Required work:
Pick out the lines below with "threshold" and list them.

[Dataset entries]
* * *
Lemma inv_handler s u : safety_inv s ->
  safety_inv (set_pending (set_pcount (set_shared s (upd (shared s) u (local s u)))
                                      (upd (pcount s) u (pcount s u).+1))
                          (upd (pending s) u false)).
Proof.
move=> I; apply: inv_set_pending; have [Hs _] := I.
apply: inv_update I _ _ _ => // [|t]; first by case: Hs; split.
left; split=> //= v; case: (eqVneq v u) => [->|ne]; first by right=> i; rewrite upd_same.
by left; rewrite !upd_other.
Qed.

Lemma inv_step threshold s ev s' : safety_inv s -> step threshold s ev s' -> safety_inv s'.
Proof.
move=> I h; case: h I => {ev s'} {}s.
- by [].
- by move=> t _ I; apply: inv_alloc.
- by move=> t i _ I; apply: inv_begin.
- by move=> t i n _ Hn Hr I; apply: inv_loadptr.
- by move=> t i n Hc Hl I; apply: inv_epoch_ok Hc Hl.
- by move=> t i n _ _ I; apply: inv_retry.
- by move=> t Hc I; apply: inv_endop Hc.
- by move=> t n _ Hn Hr I; apply: inv_retire.
- by move=> t _ I; apply: inv_inc.
- by move=> t u rest sn Hc I; apply: inv_snap Hc.
- by move=> t sn Hc I; apply: inv_snap_done Hc.
- by move=> t u rest sn Hc I; apply: inv_sig Hc.
- by move=> t sn Hc I; apply: inv_sig_done Hc.
- by move=> t sn Hc Hw I; apply: inv_wait Hc Hw.
- by move=> t u i rest acc Hc I; apply: inv_coll Hc.
- by move=> t acc Hc I; apply: inv_free Hc.
- by move=> u _ I; apply: inv_handler.
Qed.

Lemma inv_init : safety_inv (init T K).
Proof. by split; first split. Qed.

Lemma inv_reachable threshold s : reachable threshold s -> safety_inv s.
Proof. by elim=> [|s0 ev s1 _ I h]; [exact: inv_init | exact: inv_step I h]. Qed.

End Safety.

Theorem mainTheorem9 (T : finType) (K threshold : nat) (s s' : state T K)
    (t : T) (n : node) :
  reachable threshold s -> step threshold s (EvAccess t n) s' -> freed s n = false.
Proof.
move=> R h; have [i Hi] : exists i, holds s t i = Some n by inversion h; exists i.
by have [_ -> _] := held_protected (inv_reachable R).1 Hi.
Qed.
* * *
Task answer:
Lemma inv_step threshold s ev s' : safety_inv s -> step threshold s ev s' -> safety_inv s'.
Lemma inv_reachable threshold s : reachable threshold s -> safety_inv s.
Theorem mainTheorem9 (T : finType) (K threshold : nat) (s s' : state T K)
  reachable threshold s -> step threshold s (EvAccess t n) s' -> freed s n = false.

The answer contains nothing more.